Oscars 2012: In The Best Makeup Category, It's Meaningful To Be Overlooked

The Dark Horse

Matthew W. Mungle sounds like he could be Harry Potter’s clumsy maternal uncle -- a Muggle who’s prone to bungling things.

But Mungle is actually a real man -- a makeup artist -- and, far from aligning with the Potter universe, he’s competing against it. Tonight, Mungle will square off against “Harry Potter And The Deathly Hallows: Part 2” and “The Iron Lady,” and he’s steeling himself for a loss.

“I may be stepping out of my realm in saying this,” Mungle told The Huffington Post. “But I think the Academy members go for the obvious in our category. They may go for my work on ‘Albert Nobbs,’ but they may not. They don’t really know how hard it is for us to do something so simple and yet so transformative as to put a nose on a face and blend it in so you don’t see it for an entire movie.”

Mungle’s work on “Albert Nobbs,” actress Glenn Close’s pet project about two cross-dressing women in 19th century Ireland, earned him his fourth Oscar nomination (he won in 1992 for his work on “Bram Stoker’s Dracula”). He's one of an elite group who’ve experienced the career bump that comes with a gold statuette, in a field not often understood by the people handing them out.

Little is known about the notoriously shadowy 5,765 voters who'll determine Mungle’s fate Sunday night (except that they're overwhelmingly white, male and over 60, according to a study by the Los Angeles Times). But Mungle's sense is their knowledge of makeup artistry mirrors that of the average film buff: not particularly sophisticated.

Leonard Engelman, governor of the Academy's Makeup Artists and Hairstylists Branch, which chooses the nominees, agreed that it's unlikely the Academy includes many practitioners outside of their branch's small contingent of 130. And though it’s not a given that the biggest blockbuster takes the lesser-understood prizes every year, there’s always a likelihood Academy members -- like the rest of us -- are more familiar with the big movies than the small ones.

This year, the ranking is clear: “Albert Nobbs” grossed slightly more than $2 million at the box office, less than 10 percent of "The Iron Lady"'s earnings, and a mere 0.6 percent of "The Deathly Hallows'" whopping $381 million.

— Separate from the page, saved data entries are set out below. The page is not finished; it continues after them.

Lemma big_nat_psum (R : Type) (idx : R) (op : Monoid.law idx) F m (G : nat -> R) :
  \big[op/idx]_(0 <= x < psum F m) G x =
  \big[op/idx]_(j < m) \big[op/idx]_(psum F j <= x < psum F j.+1) G x.
Proof.
elim: m => [|m IHm]; first by rewrite psum0 big_ord0 big_geq.
by rewrite big_ord_recr -IHm -big_cat_nat ?leq_psum.
Qed.

End PrefixSums.

Lemma bpartE k (beta : 'I_k.+1 -> nat) j : bpart beta j = psum beta j.+1.
Proof. exact: sum_ord_leq. Qed.

Lemma bsuffixE k (beta : 'I_k.+1 -> nat) j :
  bsuffix beta j = psum beta k.+1 - psum beta j.
Proof.
rewrite -sum_ord_psum (bigID (fun l : 'I_k.+1 => l < j)) /= sum_ord_ltn 1?ltnW //.
by rewrite addKn; apply: eq_bigl => l; rewrite -leqNgt.
Qed.

Lemma bsuffix_le_btotal k (beta : 'I_k.+1 -> nat) j : bsuffix beta j <= btotal beta.
Proof. by rewrite bsuffixE /btotal sum_ord_psum leq_subr. Qed.

Section Compositions.
Variable k : nat.
Local Notation K := k.+1.
Implicit Types (I Q : 'I_K -> nat) (i j : 'I_K).

(* The 0-based position N_j - 1 of alpha_j in [compos alpha I]. *)
Definition apos I j := psum (fun l => (I l).+1) j + I j.

Lemma aposS I j : (apos I j).+1 = psum (fun l => (I l).+1) j.+1.
Proof. by rewrite psumS inord_val addnS. Qed.

Lemma Npart_apos I j : Npart I j = (apos I j).+1.
Proof. by rewrite aposS; apply: sum_ord_leq. Qed.

Lemma eq_apos I1 I2 : I1 =1 I2 -> apos I1 =1 apos I2.
Proof.
by move=> eI j; rewrite /apos /psum eI; congr (_ + _); apply: eq_bigr => l _; rewrite eI.
Qed.

Lemma apos_ltn I : {homo apos I : i j / i < j}.
Proof.
move=> i j lt_ij; apply: leq_trans (leq_addr (I j) (psum (fun l => (I l).+1) j)).
by rewrite aposS leq_psum.
Qed.

Lemma leq_apos I i j : (apos I i <= apos I j) = (i <= j).
Proof.
case: (ltngtP i j) => [lt_ij|lt_ji|/val_inj->]; last by rewrite !leqnn.
  by rewrite ltnW ?apos_ltn.
by apply/negbTE; rewrite -ltnNge apos_ltn.
Qed.

Lemma apos_inj I : injective (apos I).
Proof.
by move=> i j eq_ij; apply/val_inj/eqP; rewrite eqn_leq -!(leq_apos I) eq_ij leqnn.
Qed.

Lemma leq_apos_max I j : apos I j <= apos I ord_max.
Proof. by rewrite leq_apos -ltnS. Qed.

Lemma leq_psum_apos I j l : (psum (fun i => (I i).+1) j <= apos I l) = (j <= l).
Proof.
case: (leqP j l) => [le_jl|lt_lj].
  exact: leq_trans (leq_psum _ le_jl) (leq_addr (I l) _).
by apply/negbTE; rewrite -ltnNge aposS leq_psum.
Qed.

Definition gaps Q j := Q j - (if nat_of_ord j is j'.+1 then (Q (inord j')).+1 else 0).

Lemma gapsK I : gaps (apos I) =1 I.
Proof.
case=> [[|j] lt_j]; rewrite /gaps /=.
  by rewrite subn0 /apos /psum big_ord0.
by rewrite aposS inordK 1?ltnW // /apos addKn.
Qed.

Lemma eq_from_apos I1 I2 : apos I1 =1 apos I2 -> I1 =1 I2.
Proof.
move=> eq_apos j; rewrite -gapsK -[RHS]gapsK /gaps.
by case: (nat_of_ord j) => [|i]; rewrite !eq_apos.
Qed.

Lemma apos_gaps Q : {homo Q : i j / i < j} -> apos (gaps Q) =1 Q.
Proof.
move=> Q_ltn j; apply/succn_inj; rewrite aposS -[in RHS](inord_val j).
elim: {j}(val j) (ltn_ord j) => [|m IHm] lt_m.
  by rewrite psumS psum0 /gaps inordK // subn0.
rewrite psumS IHm 1?ltnW // /gaps inordK //= addnS subnKC //.
by apply: Q_ltn; rewrite !inordK // ltnW.
Qed.

Lemma sumn_take_enum (F : 'I_K -> nat) m : m <= K ->
  sumn (take m [seq F l | l <- enum 'I_K]) = psum F m.
Proof.
move=> le_m.
have -> : [seq F l | l <- enum 'I_K] = [seq F (inord i) | i : nat <- iota 0 K].
  by rewrite -val_enum_ord -map_comp; apply: eq_map => i /=; rewrite inord_val.
rewrite -map_take take_iota (minn_idPl le_m) sumnE big_map.
by rewrite -{1}(subn0 m) -/(index_iota 0 m) big_mkord.
Qed.

Variable alpha : 'I_K -> nat.

Definition blocks I := [seq rcons (nseq (I j) 0) (alpha j) | j <- enum 'I_K].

The power of exposure starts early. Even within Engelman's branch of experts, there was always the chance the members hadn’t seen one or all of the movies, he said. To ward off that possibility, hopefuls are now encouraged to send in portfolios of before and after images of the actors and actresses they transformed. Engelman said these books aren't used to distinguish CGI effects from hand-done makeup, as a recent LA Times article suggested, as photographs are doctorable and therefore not evidence of anything, but to pique interest in the movies.

“It’s a reminder for the makeup artists who are attending that [branch] meeting to be sure and see those films," Engelman told The Huffington Post. "That’s one of the things that we really try to push throughout the year -- to get our members to see the films so they can properly judge.”

Mungle, along with nominated artists Martial Corneville and Lynn Johnson, used handmade devices to transform Close and her co-star Janet McTeer (who are up for Best Actress and Best Supporting Actress respectively) into women trying to look like men. The job was some time coming for Mungle. Three years ago, he auditioned on request for Close, who’d decided to make the movie after playing Nobbs on stage in 1982. Close sent a plaster cast of her face to Mungle in Los Angeles, and he altered it and sent it back.

“She put it on and actually shed a tear,” Mungle told The Huffington Post. “She said, ‘It’s Albert.’ I had forgotten about the project by the time Bonnie (Curtis, who co-produced “Albert Nobbs”) called me up to say, ‘It’s on again, and Glenn really, really wants you to do it.’”

Working off a National Geographic photograph of an Albanian woman who'd stepped into the place of a male heir, held onto by Close since 2002, Mungle designed prosthetics that would “change her face from within.” He lengthened Close’s nose with a tip, broadened her jaw with teeth-fitting devices called “dental plumpers,” and pushed her ears out with pieces also called plumpers, to make her “endearing.”

In designing the nose of McTeer’s character Hubert Page, Mungle sculpted breaks into the nose at McTeer’s request, to reference the spousal abuse her character fled. Those intricacies might be lost on screen, but in an interview with MetroWeekly, Close said they were what induced her and McTeer into the spirit of their roles.

“Subtle work is overlooked,” Mungle said. “It’s kind of a feather in your cap in some sense, and it’s not in a sense. If you do your job well, people won’t notice you’ve done it.”